It was Alaska Agriculture Day on Tuesday. Since 2007, the first Tuesday in May has been set aside to shine a light on the slowly, but steadily growing ag industry in the state.
That growth is tracked, in part, by the USDA for its ag census conducted every five years and since Alaska Ag Day was first recognized, that sector of the economy has only grown. For instance, almost three times as many farms are selling food directly to customers compared to 2007 and sales of that food more than tripled and is approaching a million dollars annually.
Flowers and other nursery crops are finding more customers, too, with sales at more than $1.6 million. In total, sales of Kenai-based ag products were $5.4 million in 2017, that’s the latest year for the USDA data. A lot of that is aquaculture, hatchery fish. But $3.2 million came from food, flowers and livestock.
And while sky might seem to be the limit right now for local ag, one key to that continued growth is getting more young people involved.
Heidi Chay is the district manager for the Kenai Soil and Water Conservation District. They also track numbers and trends in the local ag economy. She says policy will play a role in determining how easy it is for those new, young farmers to get started.
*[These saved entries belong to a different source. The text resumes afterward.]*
(* Let $n=2$ and let $\mathcal M_1=\begin{pmatrix}\frac12&\frac12\\ \frac12&\frac12\end{pmatrix}$ and $\mathcal M_2=\begin{pmatrix}\frac{9}{10}&\frac{1}{10}\\ \frac1{10}&\frac9{10}\end{pmatrix}$. Then (i) there is a directed $3$-regular multigraph on $[2]$ whose throughput with respect to $\mathcal M_1$ is at least $\frac89$, but no directed $3$-regular multigraph on $[2]$ has weak direct throughput with respect to $\mathcal M_1$ greater than $\frac56$; and (ii) there is a directed $3$-regular multigraph on $[2]$ whose weak direct throughput with respect to $\mathcal M_2$ is at least $\frac9{10}$, but no directed $3$-regular multigraph on $[2]$ has throughput with respect to $\mathcal M_2$ at least $\frac9{10}$.
   Context: Let $n\ge 1$ and $[n]=\{1,\dots,n\}$. Networks are finite directed multigraphs on vertex set $[n]$; self-loops and parallel arcs are allowed. A directed multigraph is directed $r$-regular if every vertex has exactly $r$ outgoing and exactly $r$ incoming arcs (a self-loop at $v$ counts as one outgoing and one incoming arc of $v$). A path is a non-empty sequence of arcs $((u_1,v_1),\dots,(u_\ell,v_\ell))$ with $v_i=u_{i+1}$ for $i<\ell$; it goes from $u_1$ to $v_\ell$ and has length $\ell\ge 1$. An $n\times n$ matrix is doubly stochastic if all entries are nonnegative and every row and every column sums to $1$. In a directed $(2n-1)$-regular multigraph $G$ on $[n]$ every arc has capacity $\frac{1}{2n-1}$. $G$ hosts a nonnegative $n\times n$ matrix $\mathcal M=(a_{i,j})$ if there is a finite collection $\{(P_k,d_k)\}$, where each $P_k$ is a path in $G$ from some $s_k$ to some $t_k$ and $d_k\ge 0$, such that $\sum_{k:\,s_k=u,\,t_k=v} d_k=a_{u,v}$ for all $u,v\in[n]$, and for every arc $e$ of $G$ (parallel arcs are distinct) $\sum_{k:\,e\in P_k} d_k\le \frac{1}{2n-1}$. $G$ directly hosts $\mathcal M$ if this is possible with all paths $P_k$ of length $1$. For doubly stochastic $\mathcal M=(a_{i,j})$: the throughput of $G$ is the largest $\theta$ such that $G$ hosts $\theta\mathcal M$; the weak direct throughput of $G$ is the largest $\eta$ such that $G$ directly hosts some matrix $\mathcal M'=(a'_{i,j})$ with $0\le a'_{i,j}\le a_{i,j}$ for all $i,j$ and $\sum_{i,j}a'_{i,j}=\eta n$. *)

From HB Require Import structures.
From mathcomp Require Import all_boot all_order all_algebra.
From mathcomp Require Import classical_sets reals.
Unset Printing Implicit Defensive.
Import Order.TTheory GRing.Theory Num.Theory.
Local Open Scope ring_scope.

(* A directed multigraph on [n] (vertices 'I_n) is a finite list of arcs
   (u, v); parallel arcs are distinct list positions, self-loops allowed. *)
Definition multigraph (n : nat) := seq ('I_n * 'I_n).

Definition dregular {n} (G : multigraph n) (r : nat) : Prop :=
  forall v : 'I_n, count (fun a => a.1 == v) G = r /\ count (fun a => a.2 == v) G = r.

Definition arc {n} (G : multigraph n) (e : 'I_(size G)) : 'I_n * 'I_n :=
  tnth (in_tuple G) e.

Definition is_path {n} (G : multigraph n) (e0 : 'I_(size G)) (es : seq 'I_(size G)) : bool :=
  path (fun e f => (arc G e).2 == (arc G f).1) e0 es.
Definition path_src {n} (G : multigraph n) (e0 : 'I_(size G)) (es : seq 'I_(size G)) :=
  (arc G e0).1.
Definition path_tgt {n} (G : multigraph n) (e0 : 'I_(size G)) (es : seq 'I_(size G)) :=
  (arc G (last e0 es)).2.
“How do we make this transition from an aging farming workforce to getting young people involved in this dynamic industry. We’ve got millions of acres of land that need to change hands in the next decade from farmers retiring out to young farmers coming in… That’s one of the challenges we’ve been talking through as we consider this initiative on the Kenai Peninsula. It’s expensive when you’re starting with raw land. We’re in an unusual situation here compared to the Lower 48. They’re hundreds of years ahead of us as far as the development of agriculture. In many cases, starting a farm means taking down trees and very carefully building up some nutrient rich soil in which you can grow a crop or the livestock on which it feeds. It’s going to take some thought.”
Some of that thought is going into a new land use initiative here on the Kenai. The borough’s agriculture initiative project is looking to not only identify borough lands that would be best suited for ag production, but buyers for that land. Chay says it will be important to start viewing land use in a different way.
“Policy-wise, thinking what’s within the scope of the borough, things like how we value and tax ag land. Do we value and tax all land the same? Do we sell it to the highest bidder? What happens when you sell it to the highest bidder is you get a race to develop everything into house lots. And we’re seeing that in the Mat-Su Valley. There’s great concern there about very rapid loss of valuable ag lands that have been developed over a long period of time. We’re missing some fundamental understanding of the value of that land when we say we’re just going to sell it to the highest bidder.”
Because, to be sure, there’s an economic case to be made for ag lands. It’s just not as immediate and predictable as other uses. And, Chay says, the benefits for developing local ag go beyond hard numbers.
“It’s meaningful work. It’s a place for young people to learn new job skills. It’s creating export markets that do diversify the economy. It’s creating vibrant gathering places in the form of farmers markets and that’s benefitting the food bank, for instance. And, it’s creating much fresher, more nutritious food for all of us if we can grow it closer to home.”
And here are a few numbers from that local ag initiative; the borough would like to, over the next decade, develop 100 farm contracts, classify 4,000 acres as agricultural land and on those acres, see 60 new farm settlements, 100 new high tunnels growing 50 acres of berries and other specialty crops, 500 acres of hay and rootcrops like rhubarb and hemp along with 200 acres of grains and 100 acres of greens and vegetables, and one last number: four. That’s about how many week are left until local farmers markets open for the season.